JIM WEBB – THE OLD TIME DEMOCRAT
The old Democrat Party was a motley collection of selected plutocrats, labor bosses, Southern segregationists, smaller farmers, urban liberals and, as early as the 1930s, racial minorities. It was no doubt a clunky coalition but delivered big time: winning World War II, pushing back the Soviet Union and making it to the moon while aiding tens of millions of Americans to ascend into the middle class.
Only one Democrat candidate in the 2016 presidential race, James Webb, represents this old coalition.

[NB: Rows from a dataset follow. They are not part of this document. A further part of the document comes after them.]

Lemma cut_hi_near m mu eta k : 0 < eta -> length mu = length m ->
  (forall i, (i < length m)%nat -> Rabs (nth i mu 0 - nth i m 0) < eta) ->
  (forall x, In x mu -> a < x < b) -> (k <= length m)%nat ->
  (forall x, x < nth k (m ++ [b]) 0 - eta -> below (nth k (map Some mu) None) x) /\
  nth k (m ++ [b]) 0 - eta <= hi_pt (nth k (map Some mu) None).
Proof.
  intros He Hl Hcl Hin Hk. destruct (Nat.eq_dec k (length m)) as [->|Hne].
  - rewrite nth_app_last, nth_map_Some_overflow by lia. simpl. split; [auto | lra].
  - rewrite app_nth1, nth_map_Some by lia.
    specialize (Hcl k ltac:(lia)). apply Rabs_def2 in Hcl.
    assert (a < nth k mu 0 < b) by (apply Hin, nth_In; lia).
    simpl. rewrite clamp_id by lra. split; intros; lra.
Qed.

Section Aligned.

Variables (m mh : list R) (eta delta : R).
Hypothesis m_sorted : Sorted Rlt m.
Hypothesis mh_length : length mh = length m.
Hypothesis m_in : forall x, In x m -> a < x < b.
Hypothesis mh_in : forall x, In x mh -> a < x < b.
Hypothesis eta_pos : 0 < eta.
Hypothesis m_gaps : forall k, (k <= length m)%nat ->
  nth k (a :: m) 0 + 4 * eta <= nth k (m ++ [b]) 0.
Hypothesis mh_close : forall i, (i < length m)%nat -> Rabs (nth i mh 0 - nth i m 0) < eta.
Hypothesis core_mass : forall k, (k <= length m)%nat ->
  delta <= cdf a b f (nth k (m ++ [b]) 0 - eta) - cdf a b f (nth k (a :: m) 0 + eta).

Lemma m_close i : (i < length m)%nat -> Rabs (nth i m 0 - nth i m 0) < eta.
Proof. intros. rewrite Rminus_diag, Rabs_R0. exact eta_pos. Qed.

Definition shift_cost :=
  sumR (map (fun p => Rabs (cdf a b f (fst p) - cdf a b f (snd p))) (combine mh m)).

Lemma cost_identity :
  sumR (map cost (combine (modal_clustering mh) (modal_clustering m))) = 2 * shift_cost.
Proof.
  unfold modal_clustering, shift_cost. rewrite sum_cost_clusters; try assumption.
  - simpl. rewrite Rminus_diag, Rabs_R0. ring.
  - intros x Hx. specialize (mh_in x Hx). lra.
  - intros x Hx. specialize (m_in x Hx). lra.
  - intros k Hk. specialize (m_gaps k Hk).
    pose proof (proj2 (cut_lo_near m mh eta k eta_pos mh_length mh_close mh_in Hk)).
    pose proof (proj2 (cut_lo_near m m eta k eta_pos eq_refl m_close m_in Hk)).
    pose proof (proj2 (cut_hi_near m mh eta k eta_pos mh_length mh_close mh_in Hk)).
    pose proof (proj2 (cut_hi_near m m eta k eta_pos eq_refl m_close m_in Hk)).
    apply Rmax_lub; apply Rmin_glb; lra.
Qed.

(* The core (m_(k-1) + eta, m_k - eta) of the k-th cluster of [mh] misses every
   other cluster of [m]. *)
Lemma cost_misaligned k j d : (k <= length m)%nat -> (j <= length m)%nat -> j <> k ->
  delta <= cost (nth k (modal_clustering mh) d, nth j (modal_clustering m) d).
Proof.
  intros Hk Hj Hjk. unfold cost, modal_clustering. simpl fst. simpl snd.
  pose proof (nth_clusters_from None mh k d ltac:(lia)) as HC.
  pose proof (nth_clusters_from None m j d Hj) as HD.
  pose proof (is_RInt_indic_symdiff _ _ _ _ _ _ HC HD) as Hint.
  rewrite (Prob_is_RInt _ _ _ _ _ Hint).
  eapply Rle_trans; [apply (core_mass k Hk)|].
  pose proof (m_gaps k Hk).
  pose proof (nth_cons_bounds a b m k Hab m_in Hk).
  pose proof (nth_app_bounds a b m k Hab m_in Hk).
  apply (cdf_sub_le_of_subset _ _ (nth k (a :: m) 0 + eta) (nth k (m ++ [b]) 0 - eta)
           ltac:(lra) ltac:(lra) Hint).
  intros x Hx. left. split.
  - apply HC. split.
    + apply (proj1 (cut_lo_near m mh eta k eta_pos mh_length mh_close mh_in Hk)). lra.
    + apply (proj1 (cut_hi_near m mh eta k eta_pos mh_length mh_close mh_in Hk)). lra.
  - intros HxD. apply HD in HxD. destruct HxD as [Hlo Hhi].
    destruct (Nat.lt_ge_cases k j) as [Hkj|Hkj].
    + destruct j as [|j]; [lia|]. simpl in Hlo. rewrite nth_map_Some in Hlo by lia.
      simpl in Hlo. rewrite app_nth1 in Hx by lia.
      assert (nth k m 0 <= nth j m 0) by (apply Sorted_nth_le; auto; lia). lra.
    + destruct k as [|k]; [lia|]. simpl nth in Hx.
      rewrite nth_map_Some in Hhi by lia. simpl in Hhi.
      assert (nth j m 0 <= nth k m 0) by (apply Sorted_nth_le; auto; lia). lra.
Qed.

Lemma shift_cost_distr_fun :
  sumR (map (fun p => Rabs (distr_fun f a b (fst p) - distr_fun f a b (snd p))) (combine mh m)) =
  shift_cost.
Proof.
  unfold shift_cost. f_equal. apply map_ext_in. intros [u v] Huv. simpl.
  pose proof (mh_in u (in_combine_l _ _ _ _ Huv)). pose proof (m_in v (in_combine_r _ _ _ _ Huv)).
  rewrite !distr_fun_cdf by lra. reflexivity.
Qed.

Lemma dP_aligned : 2 * shift_cost < delta ->
  dP f a b (modal_clustering mh) (modal_clustering m) =
  sumR (map (fun p => Rabs (distr_fun f a b (fst p) - distr_fun f a b (snd p))) (combine mh m)).
Proof.
  intros Hsmall. rewrite shift_cost_distr_fun.
  set (C := modal_clustering mh). set (D := modal_clustering m).
  assert (HlC : length C = S (length m))
    by (unfold C, modal_clustering; rewrite clusters_from_length; lia).
  assert (HlD : length D = S (length m))
    by (unfold D, modal_clustering; rewrite clusters_from_length; lia).
  unfold dP. fold C D. rewrite HlC, HlD, Nat.max_id.
  unfold pad. rewrite HlC, HlD, Nat.sub_diag. simpl repeat. rewrite !app_nil_r.
  change (fun p => Prob f a b (symdiff (fst p) (snd p))) with cost.
  assert (Hid := cost_identity). fold C D in Hid.
  rewrite (minR_eq _ (2 * shift_cost));
    [lra | apply in_map_iff; exists D; split; [exact Hid | apply perms_refl]|].
  intros w Hw. apply in_map_iff in Hw. destruct Hw as [L [<- HL]]. cbv beta.
  destruct (classic (L = D)) as [->|Hne]; [lra|].
  set (d := fun _ : R => False).
  destruct (perms_neq_nth D L d HL Hne) as [k [j [Hk [Hj [Hjk Hkj]]]]].
  destruct (in_perms D L HL) as [HlenL _].
  assert (Hle : cost (nth k C d, nth k L d) <= sumR (map cost (combine C L))).
  { apply sumR_ge_term.
    - intros p _. apply Prob_ge0; [lra | exact f_ge0].
    - rewrite <- combine_nth by congruence. apply nth_In. rewrite length_combine. lia. }
  rewrite Hkj in Hle.
  rewrite HlD in Hk, Hj.
  pose proof (cost_misaligned k j d ltac:(lia) ltac:(lia) Hjk) as Hmis. fold C D in Hmis. lra.
Qed.

End Aligned.

End Masses.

A decorated combat veteran, onetime Reagan Navy secretary and former U.S. senator from Virginia, Webb, 69, combines patriotism with a call for expansive economic policies to help the middle class.
He speaks most directly to white working-class voters, particularly in places like Appalachia, the South and in rural hamlets and exurbs across the country, precisely where Democrats are now regularly thrashed in elections.
So far, his candidacy is attracting little to no mention, because he identifies with an America – white, rural or suburban – disdained or ignored by the official press. Many current Democrats not only dislike these constituencies, but don’t even want to deal with them, counting, instead, on their lock-step support of minorities, rich liberals, single women and prefamily millennial voters.
Today’s “Post-American” Democrat Party is heading where Barack Obama has pushed it – a full-throated program of statist gentry leftism. Jim Webb wants to reverse that direction.